Nice post SimplicitySolid22, I agree with you - let the machine do the work. I've gotten into the habit of taking my time when I'm out doing the driveway - I use only F1 or R1, back is doing fine. Pacing one's self is important especially if you're going to help neighbors when you finish! By the way, check out these photos from my other thread, of weights I installed for EOD dumps. I installed them on my Ariens ST-1028 (924086). No drilling, just magnets and Velcro for about ten bucks, weights I found on the curb. I can put them on and off in a jiffy and can shift them from my Ariens to my Craftsman if need be. Each weight is 10 lbs.


----------



## bkwudz (Jan 14, 2013)

Welcome from another mass guy. Up in Billerica. In the 28" size im a full Ariens Pro fanboy. No problem saying it. I just think the 28 honda is under powered for what it is, people say they have to be run at full speed to work effectively. Im a firm believer that machines at this level should just pretty much work. I have had a wheeled 28 Pro for the last 4 years. It was nothing but perfect, minus one warranty issue with a bad weld on the chute" it handled everything with ease. Including the pounding we took in 2014-15. 

I just picked up a Hydro Pro 28 Rapidtrak, why did get rid of the old 28 Pro? I got to try out a Hydro unit for a bit, and loved the hydro control. So thats really the only reason, i figured i give the rapidrak a try because the system impressed me too. 

So any of the units you listed will handle what you need. If your looking for a good deal, I'll toss this out there too. The 28 Pro i traded in to a dealer down in Canton, F&F powersports. As of monday he still had it. Its in mint cond, super well maintained, and has LED lights added to it already. He gave me $1500 for it, and had it listed for $1600 for a few weeks, and then last week i think he dropped it to $1400 It really was perfect. Might be worth a call. Just ask if the used pro 28 with the LED lights is still for sale. 

Other wise, if your looking for a local dealer, i can't say enough good things about O'Connor hardware in Billerica. Its were i bought the Pro originally, i only went to Canton because he was willing to work with the trade. But O'Connors is a big Areins dealer. Search my old posts and you will see how they went above and beyond when my chute broke.


----------



## RedOctobyr (Mar 2, 2014)

Tons of good advice, much of it from good MA people  

Earlier, you'd asked about benefits of tracks, for EOD. My understanding is they help a few ways:

-more traction than wheels
-more resistant to the bucket riding up

The last is because the rear of the tracks is further from the bucket, vs wheels.

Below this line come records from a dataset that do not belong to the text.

Lemma is_RInt_gen_ln_kernel_0 :
  is_RInt_gen (fun x => ln x * kernel 0 s x) (at_right 0) (Rbar_locally p_infty)
    (PI / (2 * s) * ln s).
Proof.
  replace (PI / (2 * s) * ln s)
    with (/ s * (PI / 2 * ln s - Ti2 0 - 0 * (s * atanc 0)) - / s * (0 * (/ s * atanc 0) - Ti2 0))
    by (rewrite Ti2_0; field; lra).
  apply (is_RInt_gen_derive_pos (fun x => / s * (ln x * atan (x / s) - Ti2 (x / s)))).
  - intros x Hx.
    evar (d : R). replace (ln x * kernel 0 s x) with d.
    + apply @is_derive_scal, @is_derive_minus.
      * auto_derive; [exact Hx | reflexivity].
      * apply (is_derive_comp Ti2 (fun x => x / s)); [apply is_derive_Ti2|].
        auto_derive; [easy | reflexivity].
    + unfold d. rewrite atanc_eq by (apply Rgt_not_eq, Rdiv_lt_0_compat; lra).
      unfold kernel, scal, minus, plus, opp; simpl; unfold mult, Rdiv; simpl. field. nra.
  - intros x Hx. apply (ex_derive_continuous (fun x => ln x * kernel 0 s x)).
    apply (ex_derive_mult ln (kernel 0 s)); [auto_derive; exact Hx | apply ex_derive_kernel].
  - apply (filterlim_ext_loc (fun x => / s * (x * ln x * (/ s * atanc (x / s)) - Ti2 (x / s)))).
    + exists (mkposreal 1 Rlt_0_1). intros x _ Hx.
      rewrite atanc_eq by (apply Rgt_not_eq, Rdiv_lt_0_compat; lra). field. split; lra.
    + apply filterlim_Rmult_l, filterlim_Rminus.
      * apply filterlim_Rmult; [exact filterlim_id_mul_ln|]. apply filterlim_Rmult_l.
        eapply filterlim_comp; [apply filterlim_div_at_right_0 | apply continuous_atanc].
      * eapply filterlim_comp; [apply filterlim_div_at_right_0 | apply continuous_Ti2].
  - apply (filterlim_ext_loc
             (fun x => / s * (PI / 2 * ln s - Ti2 (s / x) - ln x / x * (s * atanc (s / x))))).
    + exists 0. intros x Hx.
      assert (Hxs : 0 < x / s) by (apply Rdiv_lt_0_compat; lra).
      assert (Hsx : s / x = / (x / s)) by (field; lra).
      rewrite Hsx, atanc_eq by (apply Rinv_neq_0_compat; lra).
      rewrite atan_inv by exact Hxs.
      generalize (Ti2_inv _ Hxs). rewrite ln_div by lra. intros HT.
      field_simplify_eq; [lra | lra].
    + apply filterlim_Rmult_l, filterlim_Rminus; [apply filterlim_Rminus|].
      * apply filterlim_const.
      * eapply filterlim_comp; [apply filterlim_div_pinfty | apply continuous_Ti2].
      * apply filterlim_Rmult; [exact is_lim_div_ln_p|]. apply filterlim_Rmult_l.
        eapply filterlim_comp; [apply filterlim_div_pinfty | apply continuous_atanc].
Qed.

So you have to lift harder, to get the bucket off the ground. Also, some (most?) track systems have different track position settings, including an option to put extra weight on the bucket, I think by raising the front of the tracks. 

Good luck with your purchase! And hopefully then we'll get some good snow.


----------



## snowblowed (Dec 23, 2018)

russ01915 said:


> I bought my machine, 28 Pro Hydro 2015 for $1,400 in (2017). Owner bought it in 2016 and used it for 1 season. It was a very clean machine. I was notified of it when members of this forum posted about it. He had 2 for sale at the time. It was a flip of the coin which one I took.


Wow, that is a **** of a deal for a one year old machine in that condition!


----------



## snowblowed (Dec 23, 2018)

bkwudz said:


> Welcome from another mass guy. Up in Billerica. In the 28" size im a full Ariens Pro fanboy. No problem saying it. I just think the 28 honda is under powered for what it is, people say they have to be run at full speed to work effectively. Im a firm believer that machines at this level should just pretty much work. I have had a wheeled 28 Pro for the last 4 years. It was nothing but perfect, minus one warranty issue with a bad weld on the chute" it handled everything with ease. Including the pounding we took in 2014-15.
> 
> I just picked up a Hydro Pro 28 Rapidtrak, why did get rid of the old 28 Pro? I got to try out a Hydro unit for a bit, and loved the hydro control. So thats really the only reason, i figured i give the rapidrak a try because the system impressed me too.
> 
> ...


Thanks for the reply and the lead on your old blower. I really would rather deal with someone more local and really want the hydro transmission I just contacted O'Connor's and they have some in stock, I'm going heck out the RapidTrack too as it isonly $300 more than the wheeled version and it seems like you it gives you the best of both worlds. The only thing I don't like about the RapidTrack is that it is a new system and it may take another revision for the engineers to get things right.


----------



## bkwudz (Jan 14, 2013)

It’s not entierly new, the basic principle of the adjustability is the same system they have used on their track units for more than a few years, some of the same parts i bet too. Before, based in the position of the front of the track, it could allow the bucket to be operated at different heights. I have looked at it closely, it’s a simple, pretty clever system, I have even taken it apart to add another notch so the bucket can hover an inch off the ground.


----------



## RedOctobyr (Mar 2, 2014)

RT does sound pretty cool. Versus tracks, I don't think it can hold the bucket up off the ground, while clearing. But if you aren't trying to clear paths through your yard, etc, then hopefully that isn't a big deal. I believe RT can operate in the mode where it puts more weight on the bucket, to help hold it down, but definitely confirm that. 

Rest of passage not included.